Hidrólisis y degradación química: la causa principal del fallo de las pantallas de deshidratación de PU

Ruptura química inducida por el agua — hidrólisis —es el factor principal que provoca el fallo prematuro de las pantallas de deshidratación de poliuretano (PU), especialmente en entornos ácidos, alcalinos o con alta humedad. Este proceso irreversible rompe los enlaces químicos dentro de la matriz polimérica, comprometiendo la integridad estructural y el rendimiento funcional. Si bien este riesgo es grave para los PUs basados en poliéster, comprender su mecanismo es fundamental para seleccionar el material adecuado y garantizar una larga vida útil.

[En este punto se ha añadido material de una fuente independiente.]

(* The Lie algebra $\Lambda(\mathbb{Q}\mathrm{Par}_2)$ is generated by $1$, $x_1x_2$, $x_1^2x_2$, $x_1x_2^2$, and $x_1^3x_2+x_1x_2^3$.
   Context: The nonsymmetric operad $\mathrm{Par}_2$: $\mathrm{Par}_2((0))=\emptyset$, $\mathrm{Par}_2((1))=\{1\}$, and for $m\ge2$, $\mathrm{Par}_2((m))=\{x_1^ax_2^b: a,b\ge1,a+b=m\}$ (order-preserving partitions of $\{1,\dots,m\}$ into two consecutive blocks of sizes $a,b$). Partial composition: if $x_l$ is the variable whose block contains $s$, then $(x_1^{a_1}x_2^{a_2})\circ_s d$ is obtained by raising the exponent of $x_l$ by $j-1$, where $j$ is the degree of the monomial $d$; $1$ is a two-sided unit. $\Lambda(\mathbb{Q}\mathrm{Par}_2)=\bigoplus_{m\ge1}\mathbb{Q}\mathrm{Par}_2((m))$ with Lie bracket $[c,d]=\sum_{t=1}^{j}d\circ_tc-\sum_{s=1}^{k}c\circ_sd$ for $c$ of arity $k$, $d$ of arity $j$. *)

From HB Require Import structures.
From mathcomp Require Import all_boot all_order all_algebra.
From mathcomp Require Import finmap monalg.
Set Implicit Arguments. Unset Strict Implicit. Unset Printing Implicit Defensive.
Import GRing.Theory.
Local Open Scope ring_scope.

(* Basis of QPar_2:  None  = the unit 1 (arity 1);
   Some (a, b) = the monomial x_1^(a+1) x_2^(b+1)  (arity a+b+2). *)
Definition par2 := option (nat * nat).

Definition par2_arity (c : par2) : nat :=
  match c with None => 1%N | Some (a, b) => (a + b + 2)%N end.

(* partial composition  c o_s d  (1 <= s <= arity c) *)
Definition par2_comp (c : par2) (s : nat) (d : par2) : par2 :=
  match c with
  | None => d
  | Some (a, b) =>
      let j := par2_arity d in
      if (s <= a.+1)%N then Some ((a + j - 1)%N, b) else Some (a, (b + j - 1)%N)
  end.

Definition LPar2 := {malg rat[par2]}.

Definition basisv (c : par2) : LPar2 := << 1 *g c >>.

Definition par2_bracketB (c d : par2) : LPar2 :=
  \sum_(t < par2_arity d) basisv (par2_comp d t.+1 c)
  - \sum_(s < par2_arity c) basisv (par2_comp c s.+1 d).

Definition par2_bracket (f g : LPar2) : LPar2 :=
  \sum_(u <- msupp f) \sum_(v <- msupp g) (f@_u * g@_v) *: par2_bracketB u v.

Definition lie_subalgebra (S : LPar2 -> Prop) : Prop :=
  [/\ S 0,
      (forall f g, S f -> S g -> S (f + g)),
      (forall (a : rat) f, S f -> S (a *: f)) &
      (forall f g, S f -> S g -> S (par2_bracket f g))].

Definition lie_generated_by (gens : seq LPar2) : Prop :=
  forall S : LPar2 -> Prop, lie_subalgebra S ->
    (forall x, x \in gens -> S x) -> forall f, S f.

(* x_1^a x_2^b for a, b >= 1 *)
Definition mono (a b : nat) : LPar2 := basisv (Some (a.-1, b.-1)).

From mathcomp Require Import all_boot all_order all_algebra.
From mathcomp Require Import finmap monalg.
From mathcomp Require Import zify ring.
Set Implicit Arguments. Unset Strict Implicit. Unset Printing Implicit Defensive.
Import GRing.Theory Num.Theory.
Local Open Scope ring_scope.

(* Let S be a Lie subalgebra containing the generators; we show by induction on the degree n
   that S contains every monomial x_1^i x_2^(n-i), which together with 1 span the algebra.
   Bracketing x_1 x_2 with x_1^i x_2^(n-1-i) gives
     i x_1^(i+1) x_2^(n-1-i) + (n-1-i) x_1^i x_2^(n-i) - x_1^(n-1) x_2 - x_1 x_2^(n-1),
   so once the two end monomials x_1 x_2^(n-1) and x_1^(n-1) x_2 lie in S, the whole degree
   follows by walking from one end to the other.  The ends are obtained from two linearly
   independent combinations of them that are brackets of lower-degree monomials (in degree 4,
   one of them is the generator x_1^3 x_2 + x_1 x_2^3). *)

Lemma scale_basisv (x : rat) c : << x *g c >> = x *: basisv c.
Proof. by apply/malgP=> k; rewrite mcoeffZ !mcoeffU mulr_natr. Qed.

Lemma par2_bracket_basisv c d : par2_bracket (basisv c) (basisv d) = par2_bracketB c d.
Proof.
by rewrite /par2_bracket !msuppU oner_eq0 !big_seq_fset1 !mcoeffUU mulr1 scale1r.
Qed.

Lemma sum_par2_comp_Some a b d :
  \sum_(s < par2_arity (Some (a, b))) basisv (par2_comp (Some (a, b)) s.+1 d) =
  basisv (Some ((a + par2_arity d).-1, b)) *+ a.+1 +
  basisv (Some (a, (b + par2_arity d).-1)) *+ b.+1.
Proof.
rewrite -(big_mkord xpredT (fun s => basisv (par2_comp _ s.+1 d))).
rewrite (big_cat_nat _ (n := a.+1)) //=; last by lia.
rewrite (eq_big_nat _ _ (F2 := fun=> basisv (Some ((a + par2_arity d).-1, b)))); last first.
  by move=> s /andP[_ lt_s_a] /=; rewrite lt_s_a subn1.
rewrite [X in _ + X](eq_big_nat _ _ (F2 := fun=> basisv (Some (a, (b + par2_arity d).-1)))); last first.
  by move=> s /andP[le_a_s _] /=; rewrite ltnNge le_a_s /= subn1.
rewrite !sumr_const_nat; congr (_ *+ _ + _ *+ _); lia.
Qed.

Lemma par2_bracket_mono a b p q r1 s2 r3 s4 :
  (0 < a)%N -> (0 < b)%N -> (0 < p)%N -> (0 < q)%N ->
  r1 = (a + b + p).-1 -> s2 = (a + b + q).-1 ->
  r3 = (a + p + q).-1 -> s4 = (b + p + q).-1 ->
  par2_bracket (mono a b) (mono p q) =
  mono r1 q *+ p + mono p s2 *+ q - (mono r3 b *+ a + mono a s4 *+ b).
Proof.
case: a b p q => [|a] [|b] [|p] [|q] // _ _ _ _ -> -> -> ->.
rewrite par2_bracket_basisv /par2_bracketB !sum_par2_comp_Some /mono /par2_arity -!pred_Sn.
have -> : (a.+1 + b.+1 + p.+1).-2 = (p + (a + b + 2)).-1 by lia.
have -> : (a.+1 + b.+1 + q.+1).-2 = (q + (a + b + 2)).-1 by lia.
have -> : (a.+1 + p.+1 + q.+1).-2 = (a + (p + q + 2)).-1 by lia.
by have -> : (b.+1 + p.+1 + q.+1).-2 = (b + (p + q + 2)).-1 by lia.
Qed.

(* The monomials are generalized first: otherwise ring unfolds them into finite maps. *)
Local Ltac malg_ring :=
  repeat match goal with |- context [mono ?a ?b] =>
    let x := fresh "x" in set x := mono a b; clearbody x end;
  apply/malgP => k; rewrite !(mcoeffD, mcoeffB, mcoeffN, mcoeffZ, mcoeffMn); ring.

Lemma bracket_mono_deg4 :
  par2_bracket (mono 1 1) (mono 2 1) - par2_bracket (mono 1 1) (mono 1 2) =
  - 2%:R *: mono 1 3 + 2%:R *: mono 3 1.
Proof.
rewrite (@par2_bracket_mono 1 1 2 1 3 2 3 3) // (@par2_bracket_mono 1 1 1 2 2 3 3 3) //.
malg_ring.
Qed.

Lemma bracket_mono_deg5_sym :
  par2_bracket (mono 1 1) (mono 2 2) - 2%:R *: par2_bracket (mono 1 1) (mono 1 3)
  - 2%:R *: par2_bracket (mono 1 1) (mono 3 1) =
  - 3%:R *: mono 1 4 + - 3%:R *: mono 4 1.
Proof.
rewrite (@par2_bracket_mono 1 1 2 2 3 3 4 4) // (@par2_bracket_mono 1 1 1 3 2 4 4 4) //.
rewrite (@par2_bracket_mono 1 1 3 1 4 2 4 4) //.
malg_ring.
Qed.

Lemma bracket_mono_deg5_antisym :
  par2_bracket (mono 1 2) (mono 2 1) - par2_bracket (mono 1 1) (mono 1 3)
  + par2_bracket (mono 1 1) (mono 3 1) =
  - 5%:R *: mono 1 4 + 5%:R *: mono 4 1.
Proof.
rewrite (@par2_bracket_mono 1 2 2 1 4 3 3 4) // (@par2_bracket_mono 1 1 1 3 2 4 4 4) //.
rewrite (@par2_bracket_mono 1 1 3 1 4 2 4 4) //.
malg_ring.
Qed.

Lemma cramer2_fst (R : comPzRingType) (V : lmodType R) (a b c d : R) (u v : V) :
  (a * d - b * c) *: u = d *: (a *: u + b *: v) - b *: (c *: u + d *: v).
Proof.
by rewrite !scalerDr !scalerA opprD addrACA [b * d]mulrC subrr addr0 -scalerBl [d * a]mulrC.
Qed.

Lemma cramer2_snd (R : comPzRingType) (V : lmodType R) (a b c d : R) (u v : V) :
  (a * d - b * c) *: v = a *: (c *: u + d *: v) - c *: (a *: u + b *: v).
Proof.
by rewrite !scalerDr !scalerA opprD addrACA [c * a]mulrC subrr add0r -scalerBl [c * b]mulrC.
Qed.

Definition mono_swap (sw : bool) (a b : nat) : LPar2 := if sw then mono b a else mono a b.

(* In degree m + 6 all but the two end monomials cancel; degrees 4 and 5 need the separate
   identities above. *)
Definition ends_comb m sw : LPar2 :=
  par2_bracket (mono 1 1) (mono_swap sw 2 (m + 3))
  + 2%:R *: par2_bracket (mono_swap sw 1 (m + 3)) (mono_swap sw 1 2)
  - (m + 3)%:R *: par2_bracket (mono 1 1) (mono_swap sw 1 (m + 4))
  - 2%:R *: par2_bracket (mono 1 1) (mono_swap sw (m + 4) 1).

Lemma ends_combE m sw :
  ends_comb m sw = - (m * m + 8 * m + 10)%:R *: mono_swap sw 1 (m + 5)
                  + - (m + 4)%:R *: mono_swap sw (m + 5) 1.
Proof.
rewrite /ends_comb; case: sw; rewrite /mono_swap /=.
- rewrite (@par2_bracket_mono 1 1 (m + 3) 2 (m + 4) 3 (m + 5) (m + 5)); [|lia..].
  rewrite (@par2_bracket_mono (m + 3) 1 2 1 (m + 5) (m + 4) (m + 5) 3); [|lia..].
  rewrite (@par2_bracket_mono 1 1 (m + 4) 1 (m + 5) 2 (m + 5) (m + 5)); [|lia..].
  rewrite (@par2_bracket_mono 1 1 1 (m + 4) 2 (m + 5) (m + 5) (m + 5)); [|lia..].
  malg_ring.
- rewrite (@par2_bracket_mono 1 1 2 (m + 3) 3 (m + 4) (m + 5) (m + 5)); [|lia..].
  rewrite (@par2_bracket_mono 1 (m + 3) 1 2 (m + 4) (m + 5) 3 (m + 5)); [|lia..].
  rewrite (@par2_bracket_mono 1 1 1 (m + 4) 2 (m + 5) (m + 5) (m + 5)); [|lia..].
  rewrite (@par2_bracket_mono 1 1 (m + 4) 1 (m + 5) 2 (m + 5) (m + 5)); [|lia..].
  malg_ring.
Qed.

Section SubalgebraContainingGenerators.

Variable S : LPar2 -> Prop.
Hypothesis S_lie : lie_subalgebra S.

Lemma subalgD f g : S f -> S g -> S (f + g).
Proof. by case: S_lie => _ SD _ _; apply: SD. Qed.

Lemma subalgZ (c : rat) f : S f -> S (c *: f).
Proof. by case: S_lie => _ _ SZ _; apply: SZ. Qed.

Lemma subalg_bracket f g : S f -> S g -> S (par2_bracket f g).
Proof. by case: S_lie => _ _ _ Sbr; apply: Sbr. Qed.

Lemma subalgB f g : S f -> S g -> S (f - g).
Proof. by move=> Sf Sg; rewrite -scaleN1r; apply: subalgD => //; apply: subalgZ. Qed.

Lemma subalgMn f n : S f -> S (f *+ n).
Proof. by rewrite -scaler_nat; apply: subalgZ. Qed.

Lemma subalg_of_scaled (c : rat) f g : c != 0 -> c *: f = g -> S g -> S f.
Proof. by move=> c_neq0 <- /(subalgZ c^-1); rewrite scalerA mulVf // scale1r. Qed.

Lemma subalg_solve2 (a b c d : rat) u v : a * d - b * c != 0 ->
  S (a *: u + b *: v) -> S (c *: u + d *: v) -> S u /\ S v.
Proof.
move=> det_neq0 S1 S2; split.
- apply: (subalg_of_scaled det_neq0 (cramer2_fst a b c d u v)).
  by apply: subalgB; apply: subalgZ.
- apply: (subalg_of_scaled det_neq0 (cramer2_snd a b c d u v)).
  by apply: subalgB; apply: subalgZ.
Qed.

Definition mono_below n :=
  forall a b, (0 < a)%N -> (0 < b)%N -> (a + b < n)%N -> S (mono a b).

Local Ltac subalg_closure below :=
  repeat first [ assumption | apply: below; lia | apply: subalgB | apply: subalgD
               | apply: subalgZ | apply: subalgMn | apply: subalg_bracket ].

Lemma mono_chain_step n i : (0 < i)%N -> (i.+1 < n)%N -> mono_below n ->
  S (mono 1 n.-1) -> S (mono n.-1 1) -> S (mono i (n - i)) -> S (mono i.+1 (n - i.+1)).
Proof.
move=> i_gt0 lt_i1_n below S_1 S_top S_i.
apply: (subalg_of_scaled (c := i%:R) (g := par2_bracket (mono 1 1) (mono i (n - i.+1))
          - mono i (n - i) *+ (n - i.+1) + (mono n.-1 1 + mono 1 n.-1))).
- by rewrite pnatr_eq0 -lt0n.
- by rewrite (@par2_bracket_mono 1 1 i (n - i.+1) i.+1 (n - i) n.-1 n.-1); [malg_ring|lia..].
- subalg_closure below.
Qed.

Lemma mono_chain n : mono_below n -> S (mono 1 n.-1) -> S (mono n.-1 1) ->
  forall i, (0 < i < n)%N -> S (mono i (n - i)).
Proof.
move=> below S_1 S_top; elim=> [//|[_ _|i IHi /andP[_ lt_i2_n]]]; first by rewrite subn1.
by apply: mono_chain_step => //; apply: IHi; lia.
Qed.

Hypotheses (S_11 : S (mono 1 1)) (S_21 : S (mono 2 1)) (S_12 : S (mono 1 2)).
Hypothesis S_31_13 : S (mono 3 1 + mono 1 3).

Lemma mono_ends n : (1 < n)%N -> mono_below n -> S (mono 1 n.-1) /\ S (mono n.-1 1).
Proof.
case: n => [|[|n]] // _ below.
case: n below => [|[|[|[|m]]]] below; [by split | by split | | | ].
- apply: (subalg_solve2 (a := 1) (b := 1) (c := - 2%:R) (d := 2%:R)) => //.
    by rewrite !scale1r addrC.
  by rewrite -bracket_mono_deg4; subalg_closure below.
- apply: (subalg_solve2 (a := - 3%:R) (b := - 3%:R) (c := - 5%:R) (d := 5%:R)) => //.
    by rewrite -bracket_mono_deg5_sym; subalg_closure below.
  by rewrite -bracket_mono_deg5_antisym; subalg_closure below.
- have -> : m.+4.+2.-1 = m + 5 by lia.
  set c1 : rat := (m * m + 8 * m + 10)%:R; set c2 : rat := (m + 4)%:R.
  apply: (subalg_solve2 (a := - c1) (b := - c2) (c := - c2) (d := - c1)).
  + have -> : - c1 * - c1 - - c2 * - c2 = ((m + 1) * (m + 2) * (m + 6) * (m + 7))%:R.
      by rewrite /c1 /c2 !natrM !natrD; ring.
    by rewrite pnatr_eq0; lia.
  + by rewrite -(ends_combE m false) /ends_comb /mono_swap /=; subalg_closure below.
  + by rewrite addrC -(ends_combE m true) /ends_comb /mono_swap /=; subalg_closure below.
Qed.

Lemma mono_below_succ n : mono_below n -> mono_below n.+1.
Proof.
move=> below a b a_gt0 b_gt0; rewrite ltnS leq_eqVlt => /orP[/eqP deg_ab|]; last exact: below.
have [|S_1 S_top] := mono_ends _ below; first by lia.
have -> : b = (n - a)%N by lia.
by apply: mono_chain => //; lia.
Qed.

Lemma subalg_mono a b : (0 < a)%N -> (0 < b)%N -> S (mono a b).
Proof.
have below n : mono_below n by elim: n => [a' b' _ _|n]; [rewrite ltn0 | apply: mono_below_succ].
by move=> a_gt0 b_gt0; apply: (below (a + b).+1).
Qed.

End SubalgebraContainingGenerators.

Theorem corollary6p3 :
  lie_generated_by
    [:: basisv None; mono 1 1; mono 2 1; mono 1 2; mono 3 1 + mono 1 3].
Proof.
move=> S S_lie gen f.
have S_gen i : (i < 5)%N ->
    S (nth 0 [:: basisv None; mono 1 1; mono 2 1; mono 1 2; mono 3 1 + mono 1 3] i).
  by move=> lt_i5; apply/gen/mem_nth.
have S_basisv c : S (basisv c).
  case: c => [[a b]|]; last exact: (S_gen 0%N isT).
  exact: (subalg_mono S_lie (S_gen 1%N isT) (S_gen 2%N isT) (S_gen 3%N isT)
                         (S_gen 4%N isT) (ltn0Sn a) (ltn0Sn b)).
case: S_lie => S0 SD SZ _.
rewrite (monalgE f); elim/big_ind: _ => // c _.
by rewrite scale_basisv; apply: SZ.
Qed.
(* Let $\mathcal{V}$ be a quaternionic two-sided Banach algebra with unit $1\neq0$, let $a\in\mathcal{V}$ and $q\in\partial\sigma_S(a)$. Then there exists a sequence $(b_n)$ of elements of $\mathcal{V}$ with $\|b_n\|=1$ and $$\lim_{n}(a^{2}-2Re(q)a+|q|^{2}1_{\mathcal{V}})b_{n}=\lim_{n}b_{n}(a^{2}-2Re(q)a+|q|^{2}1_{\mathcal{V}})=0.$$
   Context: $\mathbb{H}$ denotes the quaternions, $Re(q)$ the real part and $|q|$ the norm of $q$. A quaternionic two-sided Banach algebra with unit is a two-sided $\mathbb{H}$-vector space $\mathcal{V}$ with an associative product satisfying $x(y+z)=xy+xz$, $(x+y)z=xz+yz$, $q(xy)=(qx)y$, $(xy)q=x(yq)$, complete for a norm with $\|qx\|=|q|\|x\|=\|xq\|$, $\|xy\|\le\|x\|\|y\|$, with unit $1_{\mathcal{V}}$, $\|1_{\mathcal{V}}\|=1$. $\mathcal{V}^{-1}$ is the set of invertible elements. The S-spectrum of $a$ is $\sigma_S(a)=\{q\in\mathbb{H}: a^2-2Re(q)a+|q|^21_{\mathcal{V}}\notin\mathcal{V}^{-1}\}$, and $\partial\sigma_S(a)$ is its boundary in $\mathbb{H}$. *)

From mathcomp Require Import all_boot all_order all_algebra.
From mathcomp Require Import all_classical all_reals all_analysis.
Set Implicit Arguments. Unset Strict Implicit. Unset Printing Implicit Defensive.
Import Order.TTheory GRing.Theory Num.Theory.
Local Open Scope classical_set_scope.
Local Open Scope ring_scope.

Record quat (R : realType) := Quat { qre : R; qi : R; qj : R; qk : R }.

Section Quat.
Variable R : realType.
Definition qadd (p q : quat R) : quat R :=
  Quat (qre p + qre q) (qi p + qi q) (qj p + qj q) (qk p + qk q).
Definition qopp (p : quat R) : quat R := Quat (- qre p) (- qi p) (- qj p) (- qk p).
Definition qsub (p q : quat R) : quat R := qadd p (qopp q).
Definition qmul (p q : quat R) : quat R :=
  Quat (qre p * qre q - qi p * qi q - qj p * qj q - qk p * qk q)
       (qre p * qi q + qi p * qre q + qj p * qk q - qk p * qj q)
       (qre p * qj q - qi p * qk q + qj p * qre q + qk p * qi q)
       (qre p * qk q + qi p * qj q - qj p * qi q + qk p * qre q).
Definition qofR (r : R) : quat R := Quat r 0 0 0.
Definition qone : quat R := qofR 1.
Definition Req (q : quat R) : R := qre q.
Definition qnorm (q : quat R) : R :=
  Num.sqrt (qre q ^+ 2 + qi q ^+ 2 + qj q ^+ 2 + qk q ^+ 2).
End Quat.

Record is_qbanach_alg (R : realType) (V : zmodType)
    (lmul : quat R -> V -> V) (rmul : V -> quat R -> V)
    (mul : V -> V -> V) (one : V) (nrm : V -> R) : Prop := {
  lmulDr : forall p x y, lmul p (x + y) = lmul p x + lmul p y;
  lmulDl : forall p q x, lmul (qadd p q) x = lmul p x + lmul q x;
  lmulA  : forall p q x, lmul (qmul p q) x = lmul p (lmul q x);
  lmul1  : forall x, lmul (qone R) x = x;
  rmulDl : forall x y p, rmul (x + y) p = rmul x p + rmul y p;
  rmulDr : forall x p q, rmul x (qadd p q) = rmul x p + rmul x q;
  rmulA  : forall x p q, rmul x (qmul p q) = rmul (rmul x p) q;
  rmul1  : forall x, rmul x (qone R) = x;
  lrmulA : forall p x q, lmul p (rmul x q) = rmul (lmul p x) q;
  mulA   : forall x y z, mul x (mul y z) = mul (mul x y) z;
  mulDr  : forall x y z, mul x (y + z) = mul x y + mul x z;
  mulDl  : forall x y z, mul (x + y) z = mul x z + mul y z;
  lmul_mul : forall q x y, lmul q (mul x y) = mul (lmul q x) y;
  rmul_mul : forall q x y, rmul (mul x y) q = mul x (rmul y q);
  mul1x  : forall x, mul one x = x;
  mulx1  : forall x, mul x one = x;
  nrm_eq0 : forall x, nrm x = 0 -> x = 0;
  nrm0    : nrm 0 = 0;
  nrmD    : forall x y, nrm (x + y) <= nrm x + nrm y;
  nrm_lmul : forall q x, nrm (lmul q x) = qnorm q * nrm x;
  nrm_rmul : forall q x, nrm (rmul x q) = qnorm q * nrm x;
  nrmM    : forall x y, nrm (mul x y) <= nrm x * nrm y;
  nrm1    : nrm one = 1;
  complete : forall u : nat -> V,
    (forall e : R, 0 < e -> exists N : nat, forall m n : nat,
        (N <= m)%N -> (N <= n)%N -> nrm (u m - u n) < e) ->
    exists l : V, (fun n => nrm (u n - l)) @ \oo --> 0
}.

Definition qinvertible (V : zmodType) (mul : V -> V -> V) (one : V) (x : V) :=
  exists y : V, mul x y = one /\ mul y x = one.

Definition Qop (R : realType) (V : zmodType) (lmul : quat R -> V -> V)
    (mul : V -> V -> V) (one : V) (a : V) (q : quat R) : V :=
  mul a a - lmul (qofR (2 * Req q)) a + lmul (qofR (qnorm q ^+ 2)) one.

Definition S_spectrum (R : realType) (V : zmodType) (lmul : quat R -> V -> V)
    (mul : V -> V -> V) (one : V) (a : V) : quat R -> Prop :=
  fun q => ~ qinvertible mul one (Qop lmul mul one a q).

Definition qboundary (R : realType) (S : quat R -> Prop) (q : quat R) : Prop :=
  forall e : R, 0 < e ->
    (exists p, qnorm (qsub p q) < e /\ S p) /\
    (exists p, qnorm (qsub p q) < e /\ ~ S p).

(* Since q is a boundary point of the S-spectrum, Q_q(a) = a^2 - 2Re(q)a + |q|^2
   is not invertible (the invertible elements form an open set, by the Neumann
   series, and p |-> Q_p(a) is continuous), yet it is a limit of invertible
   elements Q_p(a) with p outside the spectrum.  If y is invertible with inverse
   z and x is not, then |z| |x - y| >= 1, so b = z / |z| has norm 1 and
   |xb|, |bx| <= 2 |x - y|.  Running y along Q_p(a) -> Q_q(a) gives the
   sequence (b_n). *)

From Pilot Require Import Defs.
From mathcomp Require Import all_boot all_order all_algebra.
From mathcomp Require Import all_classical all_reals all_analysis.
From mathcomp Require Import ring.
Import Order.TTheory GRing.Theory Num.Theory.
Local Open Scope classical_set_scope.
Local Open Scope ring_scope.
Set Implicit Arguments. Unset Strict Implicit. Unset Printing Implicit Defensive.

Section AdditiveMorphism.
Variables (U W : zmodType) (f : U -> W).
Hypothesis fD : {morph f : a b / a + b}.

Lemma morph_addB : {morph f : a b / a - b}.
Proof. by move=> a b /=; apply/eqP; rewrite eq_sym subr_eq -fD subrK. Qed.

Lemma morph_add0 : f 0 = 0.
Proof. by rewrite -(subrr (0 : U)) morph_addB subrr. Qed.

Mecanismo de hidrólisis del PU en entornos de proceso con alta humedad, ácidos o alcalinos

La hidrólisis comienza cuando las moléculas de agua penetran en la matriz de PU y atacan los enlaces hidrolíticamente lábiles. Esto es particularmente crítico en formulaciones de PU basadas en poliéster , donde los enlaces éster son vulnerables al ataque nucleofílico del agua. En las plantas de lavado de carbón, donde son comunes las fluctuaciones de pH, la exposición al vapor y las temperaturas elevadas (>60 °C), la degradación se acelera drásticamente. Las altas temperaturas pueden cuadruplicar la cinética de la reacción, lo que provoca una hinchazón medible y una pérdida de hasta el 50 % de la resistencia a la tracción en cuestión de meses. Una vez que las cadenas poliméricas se rompen, el material pierde su coherencia mecánica, lo que conduce a una falla catastrófica bajo carga.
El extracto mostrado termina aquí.